I think Nikon 18-140 or canon 18-135 STM are good alrounder under tight budget....else a combination of 17-50 & 80-200 on 2 cams are ideal.


----------



## nac (Dec 22, 2015)

Sujoy already has commented, but still I am posting...


Samarth 619 said:


> @sujoyp  Yeah, but its better to crop later a little, than to miss a moment because it wasn't wide enough.


You didn't get the point. If you want to take head/waist level shot of bride and groom, this 17-50 won't be enough from 10' or more which is the case for photographers most of the time.


Samarth 619 said:


> Reg, your point 2, I think at wide angle, f 2.8 won't be much of a problem, also because a group usually stands at the same distance from camera,


In theory it seems so. I am waiting for Sujoy's test shoot. No, they won't be in the same distance.


Samarth 619 said:


> Reg. point no. 4, yes, one may have to resort to external flash,


A wedding photographer has to have external flash, it shouldn't be a choice for him. If he has to pick only one between fast lens and external flash, fast lens sure can wait.


----------



## Samarth 619 (Dec 24, 2015)

Hmm... I have a Canon 18-135 STM and its a good lens, no doubt. But I would love more natural light anyday than f/3.5 to 5.6 can give us...
Artificial light just doesn't cut it for me, and that may be because I'm not good at using it, I admit.

I have covered a gym event and used a Canon 50mm Prime, and it did a damn good job. No flash or anything, and yet no shaky photos. The client was impressed, no doubt. So, well, a lot depends on the kind of event we're covering.

The above gym event was a show on the stage... I covered mostly stage-events till now, so I knew the situation beforehand...

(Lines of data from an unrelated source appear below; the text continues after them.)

(* Let $F$ be the class of functions computed by scalar-output $\ell_\infty$-dist nets with input dimension $d$, width $w\ge d$ and depth (number of hidden layers) $L$, with all parameters ranging over the reals. Then the VC dimension of $F$ satisfies $\mathrm{VCdim}(F)=\tilde O(L^2w^4)$.
   Context: An $\ell_\infty$-dist net takes $\mathbf x^{(0)}=\mathbf x\in\mathbb{R}^d$ and computes, for each layer $l$ and unit $k$, $x^{(l)}_k=\|\mathbf x^{(l-1)}-\mathbf w^{(l,k)}\|_\infty+b^{(l,k)}$ with real parameters $\mathbf w^{(l,k)}$, $b^{(l,k)}$; the width is the maximum number of units per layer. The VC dimension of a real-valued class is that of the associated sign classifiers $\mathbf x\mapsto\mathrm{sign}(g(\mathbf x))$. $\tilde O(\cdot)$ hides absolute constants and polylogarithmic factors. *)

From Stdlib Require Import Reals List Arith.
Import ListNotations.
Open Scope R_scope.

(* A vector of R^n is a list of length n. *)
Fixpoint linf (x w : list R) : R :=
  match x, w with
  | a :: x', c :: w' => Rmax (Rabs (a - c)) (linf x' w')
  | _, _ => 0
  end.

(* A unit is a pair (weight vector w, bias b); it computes ||x - w||_inf + b. *)
Definition unit_t : Type := (list R * R)%type.
Definition layer : Type := list unit_t.

Definition eval_unit (u : unit_t) (x : list R) : R := linf x (fst u) + snd u.
Definition eval_layer (ly : layer) (x : list R) : list R :=
  map (fun u => eval_unit u x) ly.

(* A net is the list of its layers: the L hidden layers followed by the output layer. *)
Definition net : Type := list layer.
Fixpoint eval_net (N : net) (x : list R) : list R :=
  match N with
  | [] => x
  | ly :: N' => eval_net N' (eval_layer ly x)
  end.

Definition net_out (N : net) (x : list R) : R := hd 0 (eval_net N x).

Fixpoint dims_ok (n : nat) (N : net) : Prop :=
  match N with
  | [] => n = 1%nat
  | ly :: N' => (forall u, In u ly -> length (fst u) = n) /\ dims_ok (length ly) N'
  end.

Definition arch_ok (d w L : nat) (N : net) : Prop :=
  dims_ok d N /\ length N = S L /\ Forall (fun ly => (length ly <= w)%nat) N.

Definition shattered (d w L : nat) (pts : list (list R)) : Prop :=
  NoDup pts /\ Forall (fun x => length x = d) pts /\
  forall lab : list R -> bool,
    exists N, arch_ok d w L N /\
      forall x, In x pts -> (0 <= net_out N x <-> lab x = true).

(* Fix the shape (the layer widths) of a net, so that its parameters form a
   vector th in R^P with P <= (L+1) w (w+1).  Unfolding |y - w|_oo + b >= 0 as a
   disjunction, and its negation as a conjunction, of conditions
   +-(y_i - w_i) + b >= 0, layer by layer from the output down to the input,
   shows that the sign of the output at x is decided by the signs of the affine
   functions th |-> t x_j + u . th with t in {-1,0,1} and u in {-1,0,1}^P: each
   step of the unfolding uses one unit and one coordinate of a layer, so every
   parameter keeps a coefficient in {-1,0,1}.  For m shattered points these are
   H = 3 m (d+1) 3^P affine functions, which cut R^P into at most (H+1)^P sign
   patterns.  Summing over the (w+1)^(L+1) shapes,
   2^m <= (w+1)^(L+1) (3 m (d+1) 3^P + 1)^P, hence m = O(P^2) = O(L^2 w^4)
   with no logarithmic factor. *)

From Stdlib Require Import Reals List Arith Lra Lia Classical IndefiniteDescription.
Import ListNotations.
Open Scope R_scope.

Fixpoint dot (a x : list R) : R :=
  match a, x with
  | a0 :: a', x0 :: x' => a0 * x0 + dot a' x'
  | _, _ => 0
  end.

Fixpoint lincomb (al be : R) (x y : list R) : list R :=
  match x, y with
  | a :: x', b :: y' => (al * a + be * b) :: lincomb al be x' y'
  | _, _ => []
  end.

Lemma length_lincomb al be x y :
  length x = length y -> length (lincomb al be x y) = length x.
Proof.
  revert y; induction x as [|a x IH]; intros [|b y] Hl; simpl in *; try lia.
  now rewrite IH by lia.
Qed.

Lemma dot_comm a x : dot a x = dot x a.
Proof.
  revert x; induction a as [|a0 a IH]; intros [|x0 x]; simpl; try ring.
  rewrite IH; ring.
Qed.

Lemma dot_lincomb_r a al be x y : length x = length y ->
  dot a (lincomb al be x y) = al * dot a x + be * dot a y.
Proof.
  revert a y; induction x as [|u x IH]; intros [|c a] [|v y] Hl; simpl in *;
    try lia; try ring.
  rewrite IH by lia; ring.
Qed.

Lemma dot_lincomb_l a al be x y : length x = length y ->
  dot (lincomb al be x y) a = al * dot x a + be * dot y a.
Proof.
  intros Hl; rewrite dot_comm, dot_lincomb_r, !(dot_comm a) by exact Hl; ring.
Qed.

Lemma dot_app u1 u2 x1 x2 :
  length u1 = length x1 -> dot (u1 ++ u2) (x1 ++ x2) = dot u1 x1 + dot u2 x2.
Proof.
  revert x1; induction u1 as [|a u1 IH]; intros [|b x1] Hl; simpl in *;
    try lia; try ring.
  rewrite IH by lia; ring.
Qed.

Lemma dot_zero_l a x : (forall y, In y a -> y = 0) -> dot a x = 0.
Proof.
  revert x; induction a as [|a0 a IH]; intros [|x0 x] Ha; simpl; auto.
  rewrite (Ha a0 (or_introl eq_refl)), IH by (intros; apply Ha; now right).
  ring.
Qed.

Lemma dot_repeat0_l k x : dot (repeat 0 k) x = 0.
Proof. apply dot_zero_l; intros y Hy; exact (repeat_spec _ _ _ Hy). Qed.

(** * Sign patterns of affine functions *)

Definition affine : Type := (list R * R)%type.

Definition aff_eval (f : affine) (th : list R) : R := dot (fst f) th + snd f.

Definition nonnegb (r : R) : bool := if Rle_dec 0 r then true else false.

Lemma nonnegb_true r : nonnegb r = true <-> 0 <= r.
Proof. unfold nonnegb; destruct Rle_dec; split; easy. Qed.

Lemma nonnegb_false r : nonnegb r = false <-> r < 0.
Proof. unfold nonnegb; destruct Rle_dec; split; intros; try easy; lra. Qed.

Definition sign_pattern (fs : list affine) (th : list R) : list bool :=
  map (fun f => nonnegb (aff_eval f th)) fs.

Definition realized (fs : list affine) (P : nat) (s : list bool) : Prop :=
  exists th, length th = P /\ sign_pattern fs th = s.

Lemma aff_eval_lincomb f t x y : length x = length y ->
  aff_eval f (lincomb (1 - t) t x y) = (1 - t) * aff_eval f x + t * aff_eval f y.
Proof. intros Hl; unfold aff_eval; rewrite dot_lincomb_r by exact Hl; ring. Qed.

Lemma sign_pattern_lincomb fs t x y : 0 <= t < 1 -> length x = length y ->
  sign_pattern fs x = sign_pattern fs y ->
  sign_pattern fs (lincomb (1 - t) t x y) = sign_pattern fs y.
Proof.
  intros Ht Hl E; unfold sign_pattern in *.
  apply map_ext_in; intros f Hf.
  pose proof (proj1 map_ext_in_iff E f Hf) as Ef; cbv beta in Ef.
  rewrite aff_eval_lincomb by exact Hl.
  destruct (nonnegb (aff_eval f y)) eqn:Ey;
    [apply nonnegb_true in Ey, Ef | apply nonnegb_false in Ey, Ef].
  - apply nonnegb_true; nra.
  - apply nonnegb_false; nra.
Qed.

Lemma sign_pattern_eq_In fs th1 th2 f :
  sign_pattern fs th1 = sign_pattern fs th2 -> In f fs ->
  (0 <= aff_eval f th1 <-> 0 <= aff_eval f th2).
Proof.
  intros E Hf; pose proof (proj1 map_ext_in_iff E f Hf) as Ef; cbv beta in Ef.
  rewrite <- !nonnegb_true, Ef; reflexivity.
Qed.

Lemma sign_pattern_root_between f fs th1 th2 :
  length th1 = length th2 -> 0 <= aff_eval f th1 -> aff_eval f th2 < 0 ->
  sign_pattern fs th1 = sign_pattern fs th2 ->
  exists th, length th = length th1 /\ aff_eval f th = 0 /\
    sign_pattern fs th = sign_pattern fs th2.
Proof.
  intros Hl S1 S2 E.
  set (t := aff_eval f th1 / (aff_eval f th1 - aff_eval f th2)).
  assert (Ht : 0 <= t < 1).
  { assert (Et : t * (aff_eval f th1 - aff_eval f th2) = aff_eval f th1)
      by (unfold t; field; lra).
    split; nra. }
  exists (lincomb (1 - t) t th1 th2); split; [|split].
  - now apply length_lincomb.
  - rewrite aff_eval_lincomb by exact Hl; unfold t; field; lra.
  - now apply sign_pattern_lincomb.
Qed.

(* Solving [a . th + c = 0] for a coordinate with nonzero coefficient expresses
   every affine function on the hyperplane as an affine function of the
   remaining coordinates. *)
Lemma hyperplane_chart (a : list R) (c : R) : (exists x, In x a /\ x <> 0) ->
  exists tr : affine -> affine,
    (forall h, length (fst h) = length a -> length (fst (tr h)) = pred (length a)) /\
    forall th, length th = length a -> dot a th + c = 0 ->
      exists th', length th' = pred (length a) /\
        forall h, length (fst h) = length a -> aff_eval h th = aff_eval (tr h) th'.
Proof.
  revert c; induction a as [|a0 a IH]; intros c Hnz;
    [destruct Hnz as [? [[] _]]|].
  destruct (Req_dec a0 0) as [Ha0|Ha0].
  - assert (Hnz' : exists x, In x a /\ x <> 0).
    { destruct Hnz as [x [[<-|Hx] Hx0]]; [contradiction|eauto]. }
    assert (Ha : a <> []) by (destruct Hnz' as [x [Hx _]]; now destruct a).
    destruct (IH c Hnz') as [tr [Htr_len Htr]].
    exists (fun h => (hd 0 (fst h) :: fst (tr (tl (fst h), snd h)), snd (tr (tl (fst h), snd h)))).
    split.
    + intros [[|b0 b] e] Hl; simpl in *; [lia|].
      rewrite (Htr_len (b, e)) by (simpl; lia).
      destruct a; [contradiction|reflexivity].
    + intros [|x0 th] Hl Hth; simpl in Hl; [lia|].
      simpl in Hth; rewrite Ha0 in Hth.
      destruct (Htr th ltac:(lia) ltac:(lra)) as [th' [Hl' Hev]].
      exists (x0 :: th'); split; [simpl; destruct a; [contradiction|simpl in *; lia]|].
      intros [[|b0 b] e] Hb; simpl in Hb; [lia|].
      specialize (Hev (b, e) ltac:(simpl; lia)).
      unfold aff_eval in *; simpl in *; lra.
  - exists (fun h => (lincomb 1 (- (hd 0 (fst h) / a0)) (tl (fst h)) a,
                    snd h - hd 0 (fst h) / a0 * c)).
    split.
    + intros [[|b0 b] e] Hl; simpl in *; [lia|].
      rewrite length_lincomb; lia.
    + intros [|x0 th] Hl Hth; simpl in Hl, Hth; [lia|].
      exists th; split; [simpl; lia|].
      intros [[|b0 b] e] Hb; simpl in Hb; [lia|].
      unfold aff_eval; simpl.
      rewrite dot_lincomb_l by lia.
      replace x0 with (- (dot a th + c) / a0) by (field_simplify_eq; lra).
      field; exact Ha0.
Qed.

(* [fs'] is [fs] restricted to the hyperplane [f = 0] in coordinates of [R^P]; if
   [f] is constant, no pattern occurs with both signs of [f]. *)
Lemma realized_on_hyperplane f fs P :
  length (fst f) = S P -> Forall (fun h => length (fst h) = S P) fs ->
  exists fs', length fs' = length fs /\ Forall (fun h => length (fst h) = P) fs' /\
    forall s, realized (f :: fs) (S P) (true :: s) ->
              realized (f :: fs) (S P) (false :: s) -> realized fs' P s.
Proof.
  intros Hf Hfs.
  destruct (classic (exists x, In x (fst f) /\ x <> 0)) as [Hnz|Hz].
  - destruct (hyperplane_chart (fst f) (snd f) Hnz) as [tr [Htr_len Htr]].
    rewrite Hf in Htr_len, Htr; simpl in Htr_len, Htr.
    rewrite Forall_forall in Hfs.
    exists (map tr fs); split; [apply length_map|split].
    { apply Forall_forall; intros h Hh; apply in_map_iff in Hh as [h0 [<- Hh0]].
      auto. }
    intros s [th1 [Hl1 E1]] [th2 [Hl2 E2]]; simpl in E1, E2.
    injection E1 as S1 P1; injection E2 as S2 P2.
    apply nonnegb_true in S1; apply nonnegb_false in S2.
    destruct (sign_pattern_root_between f fs th1 th2) as [th [Hth [Hzero Hpat]]];
      [lia|exact S1|exact S2|congruence|].
    destruct (Htr th ltac:(lia) Hzero) as [th' [Hl' Hev]].
    exists th'; split; [exact Hl'|].
    rewrite <- P2, <- Hpat; unfold sign_pattern; rewrite map_map.
    apply map_ext_in; intros h Hh; rewrite Hev; auto.
  - assert (Hconst : forall th, aff_eval f th = snd f).
    { intros th; unfold aff_eval; rewrite dot_zero_l; [ring|].
      intros y Hy; apply NNPP; intros Hy0; apply Hz; eauto. }
    exists (map (fun _ => (repeat 0 P, 0)) fs); split; [apply length_map|split].
    { apply Forall_forall; intros h Hh; apply in_map_iff in Hh as [h0 [<- _]].
      apply repeat_length. }
    intros s [th1 [_ E1]] [th2 [_ E2]]; simpl in E1, E2.
    injection E1 as S1 _; injection E2 as S2 _.
    rewrite Hconst in S1, S2; congruence.
Qed.
(* coefficient of q^n of sum_{m >= 0} rhs_term m; terms with m > n have
   order binom(m+1,2) >= m > n, so only m <= n contribute *)
Definition rhs_coef (n : nat) : rat := \sum_(m < n.+1) rhs_term m n.

(* A part is a pair (t, b): size t, overlined iff b. *)
Definition part := (nat * bool)%type.

(* position in the order 1 < 1bar < 2 < 2bar < ... *)
Definition pkey (x : part) : nat := (2 * x.1 + x.2)%N.

(* consecutive parts: non-increasing, and an overlined part t-bar occurs
   at most once (only the first occurrence of a size may be overlined) *)
Definition orel (x y : part) : bool :=
  (pkey y < pkey x)%N || ((x == y) && ~~ x.2).

Definition is_overpartition (pi : seq part) : bool :=
  all (fun x : part => (0 < x.1)%N) pi && sorted orel pi.

Definition weight (pi : seq part) : nat := sumn (map (fun x : part => x.1) pi).

Definition c1rel (x y : part) : bool :=
  (y.1 + (if x.2 then 1 else 2) <= x.1)%N.

Definition inC1 (pi : seq part) : bool :=
  [&& is_overpartition pi, sorted c1rel pi & (1%N, false) \notin pi].

From mathcomp Require Import all_boot all_algebra zify ring.
From Stdlib Require Import FunctionalExtensionality.
Set Implicit Arguments. Unset Strict Implicit. Unset Printing Implicit Defensive.
Import GRing.Theory.

(* Read an overpartition of C_1 from its smallest part upwards, preceded by a
   virtual non-overlined part 0: it becomes a chain for the relation
   [c1step], which then also encodes the exclusion of the part 1.  Let
   D_m(q) count the chains with m parts.  A chain with m+1 parts either
   starts with 1bar (remove it, subtract 1 from every other part), or starts
   with 2 (remove it, subtract 2), or neither (subtract 1 from every part);
   these are bijections onto chains with m, m and m+1 parts, whence
     (1 - q^(m+1)) D_(m+1) = (q^(m+1) + q^(2(m+1))) D_m,   D_0 = 1,
   i.e.  (q;q)_m D_m = q^binom(m+1,2) (-q;q)_m.  The q-binomial theorem
   (-q;q)_m = sum_j q^binom(j+1,2) [m brack j] then identifies D_m with the
   m-th term of the right-hand side. *)

(** * C_1 overpartitions as increasing chains *)

(* [c1step y x]: x may follow y in a C_1 overpartition read increasingly. *)
Definition c1step (y x : part) : bool := c1rel x y.
Lemma solutions_witness_rescope P S T M k :
  concrete M -> refines P M -> solves ((scope P ++ S) ++ theory_eqns M T) k ->
  solutions (P_witness P S) T (rescope M ((scope P ++ S) ++ theory_eqns M T)).
Proof.
move=> concM [abs refM] ksol; split.
- exact: concrete_rescope ksol.
- by exists abs; apply: refines_by_witness_rescope refM _ => k'; rewrite solves_cat => /andP[].
- exact: compat_rescope_theory_eqns.
Qed.

End Models.

Definition override (vs : seq var) (k1 k2 : valuation) : valuation :=
  fun v => if v \in vs then k1 v else k2 v.

Definition assign (A : Type) (rho : A -> var) (val : A -> int) (s : seq A)
  (k : valuation) : valuation :=
  foldr (fun a k' v => if v == rho a then val a else k' v) k s.

Lemma assign_In (A : Type) (rho : A -> var) val s k a :
  (forall a1 a2, In_seq a1 s -> In_seq a2 s -> rho a1 = rho a2 -> a1 = a2) ->
  In_seq a s -> assign rho val s k (rho a) = val a.
Proof.
elim: s => //= b s IH rho_inj ain; case: eqP => [rab | rab].
  by rewrite (rho_inj b a) //; left.
case: ain => [ba | ain]; first by rewrite ba in rab.
by apply: IH ain => a1 a2 a1s a2s; apply: rho_inj; right.
Qed.

Lemma assign_notin (A : Type) (rho : A -> var) val s k v :
  (forall a, In_seq a s -> rho a <> v) -> assign rho val s k v = k v.
Proof.
elim: s => //= b s IH rho_v; case: eqP => [vb | _].
  by case: (rho_v b); [left | rewrite vb].
by apply: IH => a ain; apply: rho_v; right.
Qed.

Section Blocks.
Variables (C R : Type) (BB : eqType) (q : prog C R BB).

Lemma psi_in_Psi x : In_seq x (info q) -> In_seq (psi_of x) (Psi q).
Proof. by move=> xq; apply: (In_seq_flatten xq); left. Qed.

Lemma psi'_in_Psi x p : In_seq x (info q) -> psi'_of x = Some p -> In_seq p (Psi q).
Proof. by move=> xq xp; apply: (In_seq_flatten xq); rewrite /= xp; right; left. Qed.

Lemma In_T_witness T rho p : In_seq p (Psi q) -> In_seq (p, rho p) (T_witness T q rho).
Proof. by move=> pq; apply In_seq_cat; right; exact: (In_seq_map (fun p => (p, rho p))). Qed.

Lemma solves_S_merge_flow (V : finType) E f (tr : V -> BB) rho M k :
  (forall p, In_seq p (Psi q) -> k (rho p) = (nmatch M p)%:Z) ->
  solves (S_merge q E f tr rho) k = solves (S_flow q E f tr M) k.
Proof.
move=> krho; rewrite /S_merge /S_flow !solves_flatten; apply: eq_all_In => x xq.
rewrite !solves_eqn eval_lin_cons eval_lin_cat /out_bb eval_edge_sum.
rewrite (krho _ (psi_in_Psi xq)).
case ex: (psi'_of x) => [p|];
  rewrite ?eval_lin_cons eval_lin_nil ?(krho p (psi'_in_Psi xq ex));
  by apply/idP/idP => /eqP flow; apply/eqP; lia.
Qed.

End Blocks.

Section WitnessGeneration.
Variables (C R : Type) (BB : eqType) (q : prog C R BB) (V : finType).
Variables (E : seq (V * V)) (s t : V) (w : V * V -> nat) (tr : V -> BB).
Variables (f : V * V -> var) (extra : system).
Variables (P : pmodel C R) (T : theory C R) (rho : formula C R -> var).

Let SI := S_ipet E s t f extra.
Let P' := P_witness P (SI ++ S_merge q E f tr rho).
Let T' := T_witness T q rho.

Lemma witness_solves_flow M k :
  solutions P' T' M -> solves (scope M) k -> solves (SI ++ S_flow q E f tr M) k.
Proof.
case=> _ [_ [_ _ _ _ entP']] compM kM.
move: (entP' k kM); rewrite !solves_cat => /and3P[_ -> kmerge] /=.
rewrite -(solves_S_merge_flow E f tr (rho:=rho) (M:=M)) // => p pPsi.
exact: compat_value compM (In_T_witness T rho pPsi) kM.
Qed.

Hypothesis extra_on_edges : {subset vars_of extra <= [seq f e | e <- E]}.
Hypothesis edges_fresh : forall e, e \in E ->
  f e \notin vars_of (scope P) /\ f e \notin [seq p.2 | p <- T].
Hypothesis rho_inj : forall p1 p2, In_seq p1 (Psi q) -> In_seq p2 (Psi q) ->
  rho p1 = rho p2 -> p1 = p2.
Hypothesis rho_fresh : forall p, In_seq p (Psi q) ->
  [/\ rho p \notin vars_of (scope P), rho p \notin [seq x.2 | x <- T]
    & forall e, e \in E -> rho p <> f e].

Definition lift_valuation M (k kM : valuation) : valuation :=
  override [seq f e | e <- E] k (assign rho (fun p => (nmatch M p)%:Z) (Psi q) kM).

Lemma lift_valuation_edge M k kM : {in [seq f e | e <- E], lift_valuation M k kM =1 k}.
Proof. by move=> v vE; rewrite /lift_valuation /override vE. Qed.

Lemma lift_valuation_rho M k kM p :
  In_seq p (Psi q) -> lift_valuation M k kM (rho p) = (nmatch M p)%:Z.
Proof.
move=> pPsi; rewrite /lift_valuation /override ifF ?assign_In //.
by apply/negbTE/mapP => -[e eE]; case: (rho_fresh pPsi) => _ _ /(_ e eE).
Qed.

Lemma lift_valuation_scope M k kM v :
  v \in vars_of (scope P) ++ [seq x.2 | x <- T] -> lift_valuation M k kM v = kM v.
Proof.
move=> vPT; rewrite /lift_valuation /override ifF ?assign_notin //.
  move=> p pPsi rv; case: (rho_fresh pPsi); rewrite rv.
  by move: vPT; rewrite mem_cat => /orP[] ->.
apply/negbTE/mapP => -[e eE ve]; case: (edges_fresh eE); rewrite -ve.
by move: vPT; rewrite mem_cat => /orP[] ->.
Qed.

Lemma lift_valuation_solves M k kM :
  solutions P T M -> solves (scope M) kM -> solves (SI ++ S_flow q E f tr M) k ->
  solves (scope P' ++ theory_eqns M T') (lift_valuation M k kM).
Proof.
case=> _ [_ [_ _ _ _ entP]] compM kMsol; rewrite solves_cat => /andP[kSI kflow].
have k'P : solves (scope P) (lift_valuation M k kM).
  rewrite (solves_eq_on (k2 := kM)) ?entP // => v vP.
  by apply: lift_valuation_scope; rewrite mem_cat vP.
have k'SI : solves SI (lift_valuation M k kM).
  rewrite (solves_eq_on (k2 := k)) // => v.
  by move/(S_ipet_vars extra_on_edges)/lift_valuation_edge.
have k'merge : solves (S_merge q E f tr rho) (lift_valuation M k kM).
  rewrite (solves_S_merge_flow E f tr (M := M) (lift_valuation_rho _ _ _)).
  by rewrite (solves_eq_on (k2 := k)) // => v /S_flow_vars /lift_valuation_edge.
have k'T' : solves (theory_eqns M T') (lift_valuation M k kM).
  apply/solves_theory_eqns => p /In_seq_cat[pT | ].
    rewrite lift_valuation_scope; first exact: compat_value compM pT kMsol.
    by rewrite mem_cat (In_seq_mem snd pT) orbT.
  by case/(In_seq_mapP (g := fun p => (p, rho p))) => x xPsi ->; apply: lift_valuation_rho.
by rewrite solves_cat k'T' andbT solves_cat k'P solves_cat k'SI k'merge.
Qed.

Lemma flow_solution_lifts M k :
  solutions P T M -> solves (SI ++ S_flow q E f tr M) k ->
  exists2 M', solutions P' T' M' &
    exists2 k', solves (scope M') k' & g_ipet E w f k' = g_ipet E w f k.
Proof.
move=> MPT kflow; have [[_ _ _ _ [kM kMsol]] _ _] := MPT.
have k'sol := lift_valuation_solves MPT kMsol kflow.
exists (rescope M (scope P' ++ theory_eqns M T')).
  by apply: solutions_witness_rescope k'sol; case: MPT.
by exists (lift_valuation M k kM) => //; apply: g_ipet_eq_on; apply: lift_valuation_edge.
Qed.

End WitnessGeneration.

Unset Implicit Arguments. Set Strict Implicit.

Theorem proposition5p5 (C R : Type) (BB : eqType) (q : prog C R BB)
  (V : finType) (E : seq (V * V)) (s t : V) (w : V * V -> nat)
  (tr : V -> BB) (f : V * V -> var) (extra : system)
  (P : pmodel C R) (T : theory C R) (rho : formula C R -> var)
  (Mstar : pmodel C R) (DSP : int) :
  (* q is a query program; its CFG is traceable to its basic blocks *)
  query_program q ->
  (forall n : V, tr n \in bbs q) ->
  uniq E ->
  (* the additional low-level flow facts of S_IPET constrain edge variables *)
  {subset vars_of extra <= [seq f e | e <- E]} ->
  (* f assigns distinct variables to edges, disjoint from r and S_P *)
  {in E &, injective f} ->
  (forall e, e \in E ->
     f e \notin vars_of (scope P) /\ f e \notin [seq p.2 | p <- T]) ->
  (* r' : fresh distinct variables for the predicates in Psi *)
  (forall p1 p2, In_seq p1 (Psi q) -> In_seq p2 (Psi q) ->
     rho p1 = rho p2 -> p1 = p2) ->
  (forall p, In_seq p (Psi q) ->
     [/\ rho p \notin vars_of (scope P), rho p \notin [seq x.2 | x <- T]
       & forall e, e \in E -> rho p <> f e]) ->
  let SI := S_ipet E s t f extra in
  let P' := P_witness P (SI ++ S_merge q E f tr rho) in
  let T' := T_witness T q rho in
  (* M* is an optimal solution of DS_P (with value DSP) *)
  solutions P' T' Mstar ->
  is_max (scope Mstar) (g_ipet E w f) DSP ->
  (forall M, solutions P' T' M ->
     forall k, solves (scope M) k -> g_ipet E w f k <= DSP) ->
  (* conclusions *)
  [/\ solutions P T Mstar,
      (* DS_M(M* ) = DS_P *)
      is_max (SI ++ S_flow q E f tr Mstar) (g_ipet E w f) DSP
    & (* DS_M(M) <= DS_M(M* ) for all M in solutions(P,T) *)
      forall M, solutions P T M ->
        forall k, solves (SI ++ S_flow q E f tr M) k -> g_ipet E w f k <= DSP].
Proof.
move=> _ _ _ extraE _ edgesF rhoI rhoF SI P' T' Mstar_sol [[k0 [k0sol <-]] _] DSP_max.
have flow_bound M : solutions P T M ->
    forall k, solves (SI ++ S_flow q E f tr M) k -> g_ipet E w f k <= g_ipet E w f k0.
  move=> MPT k /(flow_solution_lifts w extraE edgesF rhoI rhoF MPT)[M' M'sol [k' k'sol <-]].
  exact: DSP_max _ M'sol k' k'sol.
have Mstar_PT : solutions P T Mstar := solutions_witness Mstar_sol.
split=> //; split; last exact: flow_bound Mstar_PT.
by exists k0; split=> //; apply: witness_solves_flow Mstar_sol k0sol.
Qed.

I have no experience about weddings... So, I'll agree with you guys about weddings, a flash+diffuser does enhance our result...


----------



## nac (Dec 24, 2015)

Samarth 619 said:


> I have covered a gym event and used a Canon 50mm Prime, and it did a damn good job. No flash or anything, and yet no shaky photos. The client was impressed, no doubt. So, well, a lot depends on the kind of event we're covering.
> 
> The above gym event was a show on the stage... I covered mostly stage-events till now, so I knew the situation beforehand...


So you're a PRO. 
That's wonderful. Do you have any other profile other than the photobucket you shared? We would love to peep into some of your pro work (if it's alright to share 'em)


----------



## Siddhartht (Dec 24, 2015)

Is it just me, or the thread opened has abandoned the topic ?


----------



## Samarth 619 (Dec 24, 2015)

nac said:


> So you're a PRO.
> That's wonderful. Do you have any other profile other than the photobucket you shared? We would love to peep into some of your pro work (if it's alright to share 'em)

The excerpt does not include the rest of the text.